On Sunday, the actual birthday, we made the short drive to Benthall Hall a couple of miles north of Much Wenlock.

I like the older houses, and this one was built in 1580. It is still occupied by Benthalls, though it has been owned by the National Trust since 1958. Had the family been wealthier they would have torn the house down in the 18th century and replaced it with something grander - as Arthur Weaver did at Morville. They were prosperous enough to keep it though not replace it, inadvertently doing later generations a favour. Unfortunately, they tore down a 12th century manor house to build this, but you can’t keep everything.

Benthall Hall

The house was, of course closed for Covid (partially re-opening on the 17th May 2021) so we missed the wood panelled interior and elaborate 17th century staircase. The gardens were open, though, which suited the birthday girl’s interest (yes, I know she is 40, but she is still my little girl).

The garden is not huge, but it is nicely laid out with flower beds, rockeries, copses and flagged paths wandering through the sort of dark corners that appealed to the younger members of our party.

Acer, cherry tree (lovers of ericaceous soil) and bamboo in the background add a Japanese touch

Despite backing the wrong side in the civil war, the Benthall family hung on to the estate until they ran out of convenient heirs in the early 18th century and the house was sold. The new owner leased the house to tenants, two of whom created the garden

A place to hide, Benthall Hall

George Maw, a pottery manufacturer and crocus enthusiast developed the outline from 1865 onward..

A rather flashy tulip, Benthall Hall

…and Robert Bateman added the rockeries and terraces. Bateman, a painter, sculptor and follower of Edward Burne-Jones enjoyed some success as an artist, but a second generation of pre-Raphaelites was one more than was really needed. Fortunately, he was independently wealthy and devoted himself to philanthropy and horticulture.

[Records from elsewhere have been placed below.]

Lemma RInt_exp_approx_ln n a : (1 <= n)%nat -> 0 < a <= 1 -> a <= INR n ->
  Rabs (RInt (fun t => exp_approx n t * ln t) a (INR n) - gamma_seq n) <= 2 * sqrt a + 2 * a.
Proof.
  intros Hn Ha HaN. assert (HN := INR_ge1 n Hn).
  rewrite (RInt_derive (psi n)); rewrite ?Rmin_left, ?Rmax_right by lra;
    [|intros; apply psi_derive; auto; lra|intros; apply cont_exp_approx_ln; lra].
  rewrite psi_at_n by auto.
  assert (HU := psi_U_bounds n a Hn ltac:(lra)). assert (HS := psi_S_harmonic n a Hn ltac:(lra)).
  set (N := INR n) in *.
  assert (HNN : 0 < N / (N + 1) <= 1).
  { split; [apply Rdiv_lt_0_compat; lra|]. apply (Rmult_le_reg_r (N + 1)); [lra|].
    unfold Rdiv. rewrite Rmult_assoc, Rinv_l; lra. }
  replace (N / (N + 1) * ln N - psi n a - gamma_seq n) with
    (- (psi_U n a * ln a) - N / (N + 1) * (psi_S n a - harmonic n)) by (unfold gamma_seq, psi; fold N; ring).
  eapply Rle_trans; [apply Rabs_triang|]. rewrite !Rabs_Ropp, !Rabs_mult.
  assert (H1 := abs_t_ln_le a Ha). rewrite Rabs_mult, (Rabs_right a) in H1 by lra.
  assert (Hl := Rabs_pos (ln a)).
  rewrite (Rabs_right (psi_U n a)), (Rabs_right (N / (N + 1))) by lra.
  assert (psi_U n a * Rabs (ln a) <= a * Rabs (ln a)) by (apply Rmult_le_compat_r; lra).
  assert (N / (N + 1) * Rabs (psi_S n a - harmonic n) <= 1 * (2 * a))
    by (apply Rmult_le_compat; try lra; apply Rabs_pos).
  lra.
Qed.

Lemma exp_approx_error_le n t : (1 <= n)%nat -> 0 < t <= INR n ->
  Rabs ((exp (- t) - exp_approx n t) * ln t) <= (512 / INR n) / (sqrt t * (1 + t)).
Proof.
  intros Hn Ht. assert (HN := INR_ge1 n Hn).
  destruct (exp_approx_bounds n t Hn ltac:(lra)) as [[P1 P2] P3].
  assert (Hs : 0 < sqrt t) by (apply sqrt_lt_R0; lra).
  assert (L := abs_ln_le t ltac:(lra)).
  assert (E := exp_neg_decay4 t ltac:(lra)). assert (Ep := exp_pos (- t)).
  rewrite Rabs_mult, (Rabs_right (exp (- t) - exp_approx n t)) by lra.
  assert (Hl := Rabs_pos (ln t)).
  apply Rle_trans with ((t * t * exp (- t) / INR n) * (2 * (1 + t) / sqrt t)).
  { apply Rmult_le_compat; lra. }
  apply Rle_trans with ((t * t * (256 / (1 + t) ^ 4) / INR n) * (2 * (1 + t) / sqrt t)).
  { apply Rmult_le_compat_r; [apply Rdiv_le_0_compat; lra|].
    unfold Rdiv. apply Rmult_le_compat_r; [left; apply Rinv_0_lt_compat; lra|].
    apply Rmult_le_compat_l; nra. }
  replace ((t * t * (256 / (1 + t) ^ 4) / INR n) * (2 * (1 + t) / sqrt t)) with
    ((512 / INR n) / (sqrt t * (1 + t)) * (t * t / ((1 + t) * (1 + t)))) by (simpl; field; lra).
  rewrite <- (Rmult_1_r ((512 / INR n) / (sqrt t * (1 + t)))) at 2.
  apply Rmult_le_compat_l; [apply Rdiv_le_0_compat; [apply Rdiv_le_0_compat|]; nra|].
  apply (Rmult_le_reg_r ((1 + t) * (1 + t))); [nra|].
  unfold Rdiv. rewrite Rmult_assoc, Rinv_l by nra. nra.
Qed.

(** The tail [∫_b^n P_n(t) log t dt] lies in [[0, 27/b]], being dominated by
    [∫_b^∞ t e^{-t} dt = (1+b) e^{-b}]. *)
Lemma RInt_exp_approx_ln_tail n b : (1 <= n)%nat -> 1 <= b <= INR n ->
  0 <= RInt (fun t => exp_approx n t * ln t) b (INR n) <= 27 / b.
Proof.
  intros Hn Hb.
  assert (Hf : forall t, b <= t <= INR n -> 0 <= exp_approx n t * ln t <= t * exp (- t)).
  { intros t Ht. destruct (exp_approx_bounds n t Hn ltac:(lra)) as [[P1 P2] _].
    assert (0 <= ln t) by (rewrite <- ln_1; apply ln_le; lra).
    assert (ln t < t) by (apply ln_lt_self; lra). split; [apply Rmult_le_pos|]; nra. }
  assert (Hex : ex_RInt (fun t => exp_approx n t * ln t) b (INR n))
    by (apply ex_RInt_pos; [apply cont_exp_approx_ln|lra|lra]).
  split.
  - apply RInt_ge_0; [lra|exact Hex|]. intros t Ht. apply Hf. lra.
  - apply Rle_trans with (RInt (fun t => t * exp (- t)) b (INR n)).
    + apply RInt_le; [lra|exact Hex| |intros t Ht; apply Hf; lra].
      apply ex_RInt_pos; [|lra|lra]. apply cont_pos_derivable. intros; auto_derive; auto.
    + rewrite (RInt_derive (fun t => - (t + 1) * exp (- t))).
      * assert (H := sq_exp_decay b ltac:(lra)). assert (Hp := exp_pos (- INR n)).
        assert (Hq := exp_pos (- b)).
        assert (0 <= (INR n + 1) * exp (- INR n)) by (apply Rmult_le_pos; lra). nra.
      * intros; auto_derive; auto; ring.
      * intros; apply (ex_derive_continuous (fun t => t * exp (- t))); auto_derive; auto.
Qed.

(** The key estimate: [|∫_a^b e^{-t} log t - G_n| ≤ 2√a + 2a + 512π/n + 27/b],
    splitting [e^{-t} = P_n(t) + (e^{-t} - P_n(t))] and [∫_a^b = ∫_a^n - ∫_b^n]. *)
Lemma RInt_gamma_integrand_le n a b : (1 <= n)%nat -> 0 < a <= 1 -> 1 <= b <= INR n ->
  Rabs (RInt gamma_integrand a b - gamma_seq n) <= 2 * sqrt a + 2 * a + 512 * PI / INR n + 27 / b.
Proof.
  intros Hn Ha Hb. assert (HN := INR_ge1 n Hn).
  set (f1 := fun t => exp_approx n t * ln t).
  set (f2 := fun t => (exp (- t) - exp_approx n t) * ln t).
  assert (C1 : cont_pos f1) by apply cont_exp_approx_ln.
  assert (C2 : cont_pos f2).
  { apply cont_pos_derivable. intros t Ht. unfold f2, exp_approx. auto_derive. lra. }
  assert (Split : RInt gamma_integrand a b = RInt f1 a b + RInt f2 a b).
  { rewrite <- (RInt_plus f1 f2) by (apply ex_RInt_pos; auto; lra).
    apply RInt_ext. intros. unfold gamma_integrand, f1, f2. change (plus ?x ?y) with (x + y).
    as_real_eq. ring. }
  assert (Chasles : RInt f1 a (INR n) = RInt f1 a b + RInt f1 b (INR n)).
  { symmetry. apply (RInt_Chasles f1); apply ex_RInt_pos; auto; lra. }
  assert (B1 := RInt_exp_approx_ln n a Hn Ha ltac:(lra)). fold f1 in B1.
  assert (B2 : Rabs (RInt f2 a b) <= 512 / INR n * PI).
  { apply RInt_weight_bound; [apply Rdiv_le_0_compat; lra|lra| |].
    - intros; apply C2; lra.
    - intros t Ht; apply exp_approx_error_le; auto; lra. }
  assert (B3 := RInt_exp_approx_ln_tail n b Hn Hb). fold f1 in B3.
  replace (RInt gamma_integrand a b - gamma_seq n)
    with ((RInt f1 a (INR n) - gamma_seq n) - RInt f1 b (INR n) + RInt f2 a b) by lra.
  replace (512 * PI / INR n) with (512 / INR n * PI) by (field; lra).
  eapply Rle_trans; [apply Rabs_triang|].
  eapply Rle_trans; [apply Rplus_le_compat_r, Rabs_triang|].
  rewrite Rabs_Ropp, (Rabs_right (RInt f1 b (INR n))) by lra. lra.
Qed.

Lemma sqrt_eventually_small eps : 0 < eps ->
  exists a0, 0 < a0 <= 1 /\ forall a, 0 < a < a0 -> 2 * sqrt a + 2 * a < eps.
Proof.
  intros He. exists (Rmin 1 ((eps / 4) * (eps / 4))).
  split; [split; [apply Rmin_glb_lt; nra|apply Rmin_l]|].
  intros a Ha. assert (a < 1) by (eapply Rlt_le_trans; [apply Ha|apply Rmin_l]).
  assert (a < (eps / 4) * (eps / 4)) by (eapply Rlt_le_trans; [apply Ha|apply Rmin_r]).
  assert (sqrt a < eps / 4) by (rewrite <- (sqrt_square (eps / 4)) by lra; apply sqrt_lt_1_alt; lra).
  assert (a <= sqrt a).
  { assert (Hs := sqrt_sqrt a ltac:(lra)). assert (0 <= sqrt a) by apply sqrt_pos. nra. }
  lra.
Qed.

(** Two values of [G_n] are both close to the same [∫_a^b e^{-t} log t]. *)
Lemma gamma_seq_cauchy : Cauchy_crit gamma_seq.
Proof.
  intros eps He.
  destruct (sqrt_eventually_small (eps / 8) ltac:(lra)) as [a0 [Ha0 Ha]].
  destruct (inv_eventually_small 27 (eps / 8) ltac:(lra)) as [b [Hb1 Hb]].
  destruct (inv_eventually_small (512 * PI) (eps / 8) ltac:(lra)) as [c [Hc1 Hc]].
  destruct (nat_beyond (Rmax b c)) as [N0 HN0].
  assert (b <= INR N0) by (assert (Hm := Rmax_l b c); lra).
  assert (c <= INR N0) by (assert (Hm := Rmax_r b c); lra).
  exists N0. intros n m Hn Hm.
  assert (INR N0 <= INR n) by (apply le_INR; lia).
  assert (INR N0 <= INR m) by (apply le_INR; lia).
  assert (1 <= n)%nat by (apply INR_le; simpl; lra).
  assert (1 <= m)%nat by (apply INR_le; simpl; lra).
  set (a := a0 / 2). assert (Hsa := Ha a ltac:(unfold a; lra)).
  assert (G1 := RInt_gamma_integrand_le n a b ltac:(auto) ltac:(unfold a; lra) ltac:(lra)).
  assert (G2 := RInt_gamma_integrand_le m a b ltac:(auto) ltac:(unfold a; lra) ltac:(lra)).
  assert (Q1 := Hb b ltac:(lra)).
  assert (Q2 := Hc (INR n) ltac:(lra)). assert (Q3 := Hc (INR m) ltac:(lra)).
  unfold R_dist.
  replace (gamma_seq n - gamma_seq m)
    with ((RInt gamma_integrand a b - gamma_seq m) - (RInt gamma_integrand a b - gamma_seq n)) by ring.
  eapply Rle_lt_trans; [apply Rabs_triang|]. rewrite Rabs_Ropp. lra.
Qed.

Lemma int_gamma_integrand_limit g : Un_cv gamma_seq g -> int_0_oo gamma_integrand g.
Proof.
  intros Hg eps He.
  destruct (sqrt_eventually_small (eps / 4) ltac:(lra)) as [a0 [Ha0 Ha]].
  destruct (inv_eventually_small 27 (eps / 4) ltac:(lra)) as [b [Hb1 Hb]].
  destruct (inv_eventually_small (512 * PI) (eps / 4) ltac:(lra)) as [c [Hc1 Hc]].
  exists a0. split; [lra|]. exists b. intros a x Ha1 Hx1.
  destruct (Hg (eps / 4) ltac:(lra)) as [N1 HN1].
  destruct (nat_beyond (Rmax x c)) as [N0 HN0].
  set (n := max N0 N1).
  assert (INR N0 <= INR n) by (apply le_INR; unfold n; lia).
  assert (x <= INR n) by (assert (Hm := Rmax_l x c); lra).
  assert (c <= INR n) by (assert (Hm := Rmax_r x c); lra).
  assert (1 <= n)%nat by (apply INR_le; simpl; lra).
  assert (Hsa := Ha a Ha1).
  assert (G := RInt_gamma_integrand_le n a x ltac:(auto) ltac:(lra) ltac:(lra)).
  assert (Q1 := Hb x ltac:(lra)). assert (Q2 := Hc (INR n) ltac:(lra)).
  assert (Q3 := HN1 n ltac:(unfold n; lia)). unfold R_dist in Q3.
  replace (RInt gamma_integrand a x - g) with ((RInt gamma_integrand a x - gamma_seq n) + (gamma_seq n - g)) by ring.
  eapply Rle_lt_trans; [apply Rabs_triang|]. lra.
Qed.

(** [H_{n+1} - log(n+1) = -(1 + 1/n) G_n - log(1 + 1/n)], so [γ = -lim G_n]. *)
Lemma euler_gamma_limit g : Un_cv gamma_seq g -> euler_gamma = - g.
Proof.
  intros Hg. apply is_lim_seq_Reals in Hg.
  assert (Hinv : is_lim_seq (fun n => / INR n) 0).
  { replace (Finite 0) with (Rbar_inv p_infty) by reflexivity.
    apply is_lim_seq_inv; [apply is_lim_seq_INR|discriminate]. }
  assert (H1 : is_lim_seq (fun n => 1 + / INR n) 1).
  { replace (Finite 1) with (Finite (1 + 0)) by (f_equal; ring).
    apply is_lim_seq_plus'; [apply is_lim_seq_const|auto]. }
  assert (Hln : is_lim_seq (fun n => ln (1 + / INR n)) 0).
  { rewrite <- ln_1. apply (is_lim_seq_continuous ln (fun n => 1 + / INR n) 1); auto.
    apply continuity_pt_filterlim. apply (ex_derive_continuous ln). auto_derive. lra. }
  assert (L : is_lim_seq (fun n => - ln (1 + / INR n) - (1 + / INR n) * gamma_seq n) (- g)).
  { replace (- g) with (- 0 - 1 * g) by ring.
    apply is_lim_seq_minus'; [apply (is_lim_seq_opp _ (Finite 0)); auto|].
    apply is_lim_seq_mult'; auto. }
  unfold euler_gamma. rewrite (is_lim_seq_unique _ (- g)); [reflexivity|].
  eapply is_lim_seq_ext_loc; [|apply L].
  exists 1%nat. intros n Hn. assert (HN := INR_ge1 n Hn).
  unfold gamma_seq, harmonic. rewrite S_INR.
  replace (1 + / INR n) with ((INR n + 1) / INR n) by (field; lra).
  rewrite ln_div by lra. field. lra.
Qed.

He was the son of James Bateman who built the larger and even more ambitious gardens at Biddulph Grange in Staffordshire – a place we have visited often, and should perhaps have its own blog post.

Skimmia japonica - further evidence of ericaceous soil

The Benthalls re-acquired the house in 1918 and still live here, though as tenants of the National Trust.

And so our visit to Benthall Hall ended – and so does this post.